Summit co-chairs, former ADF chief Admiral Chris Barrie (Ret.) and the Climate Council’s Professor Will Steffen, joined by key summit participants Rear Admiral David Titley (Ret.) and Rear Admiral Neil Morisetti (Ret.), issued the following co- chair statement:
1. The Australian Government should take immediate and significant steps to mainstream climate change into defence planning.
- Governments in the UK and US have taken significant legislative and strategic steps to ensure that climate change is integrated into defence planning. The US has mandated that their military forces address the risks of climate change as a routine part of all mission planning.
- In Australia, comparatively less action is being taken by the Government to ensure that the ADF is prepared for the security risks posed by climate change.
- The upcoming Australian Defence white paper must address the security implications posed by a changing climate.
- Security is a whole of government task and therefore the challenge needs to be viewed more broadly than the ADF.
2. Climate change is exacerbating tensions in areas with existing global instability, increasing the risk of conflict and changing the nature of ADF missions.
- The impacts of climate change can exacerbate other stresses, like poverty, economic shocks and unstable institutions, to make crises worse, particularly in countries with poor governance or existing instability.
- For instance, increasing extreme weather events can reduce the availability of food. Extreme weather and water scarcity contributed to soaring food prices, which saw food riots erupt across Africa and the Middle East in 2008. Rising food prices in 2011 have also been identified as one of the factors that destabilised the Middle East, leading, for example, to the “Arab Spring”.
3. The Australian Defence Force is already under pressure from climate change.

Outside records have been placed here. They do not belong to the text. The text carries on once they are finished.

Section SubfieldCosets.
Variables (F : finFieldType) (L : fieldExtType F) (A : {aspace L}).
Implicit Types a b g : L.

Lemma vmulE g : vmul A g = (A * <[g]>)%VS.
Proof. exact: limg_amulr. Qed.

Lemma vmul_subv a b : a != 0 -> b / a \in A -> (vmul A b <= vmul A a)%VS.
Proof.
move=> a0 ba; apply/subvP => y; rewrite !vmulE => /memv_cosetP[u Au ->].
by apply/memv_cosetP; exists (u * (b / a)); [rewrite memvM | rewrite -mulrA divfK].
Qed.

Lemma vmul_eq a b : a != 0 -> b != 0 -> (vmul A a == vmul A b) = (b / a \in A).
Proof.
move=> a0 b0; apply/eqP/idP => [Aab | ba].
  have : b \in vmul A b by rewrite vmulE; apply/memv_cosetP; exists 1; rewrite ?mem1v ?mul1r.
  by rewrite -Aab vmulE => /memv_cosetP[u Au ->]; rewrite mulfK.
have ab : a / b \in A by rewrite -invf_div memvV.
by apply/eqP; rewrite eqEsubv !vmul_subv.
Qed.

Lemma vmul1 : vmul A 1 = A.
Proof. by rewrite vmulE prodv1. Qed.

Lemma vmul_id g : g != 0 -> vmul A g = A <-> g \in A.
Proof.
move=> g0; have := vmul_eq (oner_neq0 L) g0; rewrite vmul1 divr1 eq_sym => <-.
by split=> /eqP.
Qed.

Lemma dS_vmul a b : a != 0 -> b != 0 ->
  dS (vmul A a) (vmul A b) = if b / a \in A then 0%N else (2 * \dim A)%N.
Proof.
move=> a0 b0; case: ifPn => [ba | ba].
  by move: ba; rewrite -vmul_eq // /dS => /eqP->; rewrite addvv capvv subnn.
have cap0 : (vmul A a :&: vmul A b = 0)%VS.
  apply/eqP; rewrite -subv0; apply/subvP => y; rewrite memv_cap !vmulE memv0.
  case/andP=> /memv_cosetP[u Au ->] /memv_cosetP[v Av uav].
  have [v0 | v0] := eqVneq v 0; first by rewrite uav v0 mul0r.
  suff : b / a \in A by rewrite (negPf ba).
  have -> : b / a = u / v by apply: (canLR (mulfK a0)); rewrite mulrAC uav [v * b]mulrC mulfK.
  by rewrite memvM ?memvV.
have dim_sum := dimv_sum_cap (vmul A a) (vmul A b).
rewrite cap0 dimv0 addn0 in dim_sum.
by rewrite /dS dim_sum cap0 dimv0 subn0 !vmulE !dim_cosetv_unit ?unitfE // addnn mul2n.
Qed.

End SubfieldCosets.

Section CyclicSubgroup.
Variables (F : finFieldType) (L : fieldExtType F) (beta : L).
Hypothesis beta_neq0 : beta != 0.
Local Notation m := (morder beta).

Lemma expr_morder : beta ^+ m = 1.
Proof.
set Q := (qq F ^ nn L)%N.
have betaQ : beta ^+ Q = beta.
  by have := Fermat's_little_theorem {:L}%AS beta; rewrite memvf => /esym/eqP.
have Q_gt1 : (1 < Q)%N by rewrite -(expn0 (qq F)) ltn_exp2l ?finNzRing_gt1 ?adim_gt0.
have has_unit_power : has (fun k => beta ^+ k.+1 == 1) (iota 0 Q).
  apply/hasP; exists Q.-2; first by rewrite mem_iota; lia.
  apply/eqP/(mulIf beta_neq0); rewrite mul1r -exprSr.
  by have -> : Q.-2.+2 = Q by lia.
have := nth_find 0%N has_unit_power; rewrite nth_iota ?add0n => [/eqP //|].
by move: has_unit_power; rewrite has_find size_iota.
Qed.

Lemma cycP g : cyc beta g <-> exists2 e, (e < m)%N & g = beta ^+ e.
Proof.
split=> [[j ->] | [e _ ->]]; last by exists e.
exists (j %% m)%N; first by rewrite ltn_mod.
by rewrite {1}(divn_eq j m) exprD mulnC exprM expr_morder expr1n mul1r.
Qed.

Lemma cyc_neq0 g : cyc beta g -> g != 0.
Proof. by case=> j ->; rewrite expf_neq0. Qed.

Lemma cyc_div g h : cyc beta g -> cyc beta h -> cyc beta (g / h).
Proof.
have betaV : beta^-1 = beta ^+ m.-1.
  by apply: (mulIf beta_neq0); rewrite mulVf // -exprSr prednK // expr_morder.
by case=> i -> [j ->]; exists (i + m.-1 * j)%N; rewrite -exprVn betaV -exprM exprD.
Qed.

Lemma stabE (A : {aspace L}) g : stab beta A g <-> cyc beta g /\ g \in A.
Proof.
by split=> [] [cyc_g Ag]; split=> //; apply/(vmul_id A (cyc_neq0 cyc_g)).
Qed.

End CyclicSubgroup.

Lemma foldr_minn_leq (d : nat) s x : x \in d :: s -> (foldr minn d s <= x)%N.
Proof.
elim: s x => [|y s IHs] x /=; first by rewrite mem_seq1 => /eqP->.
rewrite !inE geq_min => /or3P[/eqP-> | /eqP-> | xs].
- by rewrite IHs ?mem_head ?orbT.
- by rewrite leqnn.
- by rewrite IHs ?inE ?xs ?orbT.
Qed.

Lemma leq_foldr_minn (v d : nat) s : all (leq v) (d :: s) -> (v <= foldr minn d s)%N.
Proof.
elim: s => [|y s IHs] /=; first by case/andP.
by case/and3P=> vd vy vs; rewrite leq_min vy IHs //= vd.
Qed.

Section MinimumDistance.
Variables (F : finFieldType) (L : fieldExtType F) (r : nat).
Implicit Types (C : seq (flag L r)) (v : nat).

Lemma min_dist_attained C v :
  (forall x y, x \in C -> y \in C -> x != y -> (v <= dflag x y)%N) ->
  (exists x y, [/\ x \in C, y \in C, x != y & dflag x y = v]) ->
  min_dist C = v.
Proof.
move=> lb [x [y [xC yC xy dxy]]]; rewrite /min_dist.
set ds := [seq _ | p <- _ & _].
have v_ds : v \in ds.
  by rewrite -dxy; apply/mapP; exists (x, y); rewrite // mem_filter xy allpairs_f.
have lb_ds : all (leq v) ds.
  apply/allP => z /mapP[p]; rewrite mem_filter => /andP[p12].
  by case/allpairsP=> [[x' y'] /= [x'C y'C p_eq]] ->; rewrite p_eq in p12 *; apply: lb.
case: ds v_ds lb_ds => [//|d ds'] v_ds lb_ds.
by apply/eqP; rewrite eqn_leq foldr_minn_leq // leq_foldr_minn.
Qed.

Lemma min_dist_const C : {in C &, forall x y, x = y} -> min_dist C = 0%N.
Proof.
move=> C_const; rewrite /min_dist.
suff -> : [seq p <- [seq (x, y) | x <- C, y <- C] | p.1 != p.2] = [::] by [].
apply/eqP; rewrite -size_eq0 size_filter eqn0Ngt -has_count.
by apply/hasPn => p /allpairsP[[x y] /= [xC yC ->]]; rewrite /= (C_const x y xC yC) eqxx.
Qed.

End MinimumDistance.

Lemma dvdn_chain (t : nat -> nat) r i j :
  (forall k, (k.+1 < r)%N -> (t k %| t k.+1)%N) -> (i <= j < r)%N -> (t i %| t j)%N.
Proof.
move=> t_dvdS /andP[]; elim: j => [|j IHj]; first by rewrite leqn0 => /eqP->.
rewrite leq_eqVlt => /orP[/eqP-> // | ij] jr.
exact: dvdn_trans (IHj ij (ltnW jr)) (t_dvdS j jr).
Qed.

Section PrefixSums.
Variables (t : nat -> nat) (r : nat).

Lemma sum_prefix_mask j : (j <= r)%N ->
  (\sum_(i < r) (if (i < j)%N then 2 * t i else 0) = 2 * \sum_(i < j) t i)%N.
Proof. by move=> jr; rewrite (big_ord_widen r t jr) big_distrr [RHS]big_mkcond. Qed.

Hypothesis t_gt0 : forall i, (i < r)%N -> (0 < t i)%N.

Lemma ltn_sum_prefix k k' : (k < k' <= r)%N -> (\sum_(i < k) t i < \sum_(i < k') t i)%N.
Proof.
case/andP=> kk' k'r; rewrite -!(big_mkord xpredT) (big_cat_nat _ (ltnW kk')) //=.
by rewrite -[X in (X < _)%N]addn0 ltn_add2l big_ltn //= ltn_addr // t_gt0 //; lia.
Qed.

Lemma double_sum_prefix_inj k k' : (k <= r)%N -> (k' <= r)%N ->
  (2 * \sum_(i < k) t i = 2 * \sum_(i < k') t i)%N -> k = k'.
Proof.
move=> kr k'r /eqP; rewrite eqn_pmul2l // => /eqP Ekk'.
by case: (ltngtP k k') => // lt; [have := @ltn_sum_prefix k k' | have := @ltn_sum_prefix k' k];
  rewrite lt ?kr ?k'r Ekk' ltnn => /(_ isT).
Qed.

Lemma double_sum_prefix_eq0 k : (k <= r)%N -> (2 * \sum_(i < k) t i = 0)%N <-> k = 0%N.
Proof.
move=> kr; split=> [sum0 | ->]; last by rewrite big_ord0.
by apply: double_sum_prefix_inj; rewrite ?sum0 ?big_ord0.
Qed.

End PrefixSums.

Definition subfield_flag (F : finFieldType) (L : fieldExtType F) r
  (K : nat -> {aspace L}) : flag L r := [ffun i : 'I_r => asval (K i)].

Section SubfieldFlagOrbit.
Variables (F : finFieldType) (L : fieldExtType F).
Variables (r : nat) (K : nat -> {aspace L}) (t : nat -> nat) (beta : L).
Hypothesis r_gt0 : (0 < r)%N.
Hypothesis K_chain : forall i j, (i <= j < r)%N -> (K i <= K j)%VS.
Hypothesis dim_K : forall i, (i < r)%N -> \dim (K i) = t i.
Hypothesis beta_neq0 : beta != 0.

Local Notation Fl := (subfield_flag r K).
Local Notation m := (morder beta).
Local Notation St i := (stab beta (K i)).

Lemma memK_chain i j x : (i <= j < r)%N -> x \in K i -> x \in K j.
Proof. by move/K_chain/subvP; apply. Qed.

Lemma t_gt0 i : (i < r)%N -> (0 < t i)%N.
Proof. by move=> ir; rewrite -dim_K ?adim_gt0. Qed.

Lemma flag_mul_eq a b : a != 0 -> b != 0 ->
  (flag_mul Fl a == flag_mul Fl b) = (b / a \in K 0).
Proof.
move=> a0 b0; apply/eqP/idP => [/ffunP/(_ (Ordinal r_gt0)) | ba].
  by rewrite !ffunE => /eqP; rewrite vmul_eq.
apply/ffunP => i; rewrite !ffunE; apply/eqP; rewrite vmul_eq //.
by apply: memK_chain ba; rewrite /=.
Qed.

Lemma dflag_flag_mul a b : a != 0 -> b != 0 ->
  dflag (flag_mul Fl a) (flag_mul Fl b) =
  (\sum_(i < r) (if b / a \in K i then 0 else 2 * t i))%N.
Proof. by move=> a0 b0; apply: eq_bigr => i _; rewrite !ffunE dS_vmul ?dim_K. Qed.

(* With 0-based indices: [orbit_moves] says that <beta> is not contained in
   K 0, i.e. the orbit has more than one flag; [stab_jump k] says that
   Stab(K 0) is strictly contained in Stab(K k); [first_jump] is the least such
   k, or r if there is none. *)
Definition orbit_moves := [exists e : 'I_m, beta ^+ e \notin K 0].

Definition stab_jump k :=
  [exists e : 'I_m, (beta ^+ e \in K k) && (beta ^+ e \notin K 0)].

Definition first_jump := find stab_jump (iota 0 r).

Lemma orbit_movesP : reflect (exists g, cyc beta g /\ g \notin K 0) orbit_moves.
Proof.
apply: (iffP existsP) => [[e Ke] | [g [/(cycP beta_neq0)[e e_lt ->] Kg]]].
  by exists (beta ^+ e); split=> //; exists e.
by exists (Ordinal e_lt).
Qed.

Lemma stab_jumpP k :
  reflect (exists g, [/\ cyc beta g, g \in K k & g \notin K 0]) (stab_jump k).
Proof.
apply: (iffP existsP) => [[e /andP[Ke Ke0]] | [g [/(cycP beta_neq0)[e e_lt ->]]]].
  by exists (beta ^+ e); split=> //; exists e.
by exists (Ordinal e_lt); apply/andP.
Qed.

Lemma stab_jump_moves k : stab_jump k -> orbit_moves.
Proof. by case/stab_jumpP=> g [cyc_g _ Kg]; apply/orbit_movesP; exists g. Qed.

Lemma first_jump_le : (first_jump <= r)%N.
Proof. by rewrite -[X in (_ <= X)%N](size_iota 0 r) find_size. Qed.

Lemma stab_jumpE k : (k < r)%N -> stab_jump k = (first_jump <= k)%N.
Proof.
move=> kr; apply/idP/idP => [jump_k | jk].
  rewrite leqNgt; apply: contraL jump_k => /(before_find 0%N).
  by rewrite nth_iota // add0n => ->.
have jr := leq_ltn_trans jk kr.
have has_jump : has stab_jump (iota 0 r) by rewrite has_find size_iota.
have /stab_jumpP[g [cyc_g Kg Kg0]] := nth_find 0%N has_jump.
rewrite nth_iota // add0n in Kg.
by apply/stab_jumpP; exists g; split=> //; apply: memK_chain Kg; rewrite jk.
Qed.

Lemma first_jump_gt0 : (0 < first_jump)%N.
Proof.
rewrite ltnNge -stab_jumpE //; apply/stab_jumpP => [[g [_ Kg]]].
by rewrite Kg.
Qed.

Lemma first_jump_eq_r : ~~ orbit_moves -> first_jump = r.
Proof.
move=> still; apply/eqP; rewrite eqn_leq first_jump_le leqNgt /=.
by apply: contra still => jr; apply: (@stab_jump_moves first_jump); rewrite stab_jumpE.
Qed.

Lemma notin_K_before_first_jump g i :
  cyc beta g -> g \notin K 0 -> (i < first_jump)%N -> g \notin K i.
Proof.
move=> cyc_g Kg0 ij; have ir := leq_trans ij first_jump_le.
apply: contraL ij => Kg; rewrite -leqNgt -stab_jumpE //.
by apply/stab_jumpP; exists g.
Qed.

Lemma stab_sub k : (k < r)%N -> pset_sub (St 0) (St k).
Proof.
move=> kr g /(stabE beta_neq0)[cyc_g Kg]; apply/(stabE beta_neq0); split=> //.
exact: memK_chain Kg.
Qed.

Lemma stab_eq k : (k < r)%N -> pset_eq (St 0) (St k) <-> (k < first_jump)%N.
Proof.
move=> kr; rewrite ltnNge -stab_jumpE //; split=> [St0k | still g].
  apply/stab_jumpP => [[g [cyc_g Kg Kg0]]].
  have /St0k/(stabE beta_neq0)[_ Kg0'] : St k g by apply/(stabE beta_neq0).
  by rewrite Kg0' in Kg0.
split; first exact: stab_sub.
case/(stabE beta_neq0)=> cyc_g Kg; apply/(stabE beta_neq0); split=> //.
by apply: contraR still => Kg0; apply/stab_jumpP; exists g.
Qed.

Lemma stab_ssub k : (k < r)%N -> pset_ssub (St 0) (St k) <-> (first_jump <= k)%N.
Proof.
move=> kr; rewrite /pset_ssub (stab_eq kr) ltnNge.
split=> [[_ jk] | jk]; first exact/negPn/negP.
by split; [exact: stab_sub | rewrite jk].
Qed.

- Australia and the Asia-Pacific region are particularly vulnerable to climate change. The ADF is increasingly called upon to deliver humanitarian assistance in response to the rise in the frequency and severity of extreme weather events and their impacts both at home and in the region. In serious cases the ADF coordinates with civilian disaster relief organisations in Australia and with a range of military and civilian organization in other countries to provide assistance.
- Extreme weather could also affect the ADF’s readiness and capability by disabling critical military and civilian infrastructure at times when rapid mobilisation is needed. Defence property (military bases) are also at risk from sea- level rise and extreme weather.
- Rising temperatures and more frequent and intense heatwaves have implications for the health of Australia’s military personnel when undertaking training and conducting military exercises.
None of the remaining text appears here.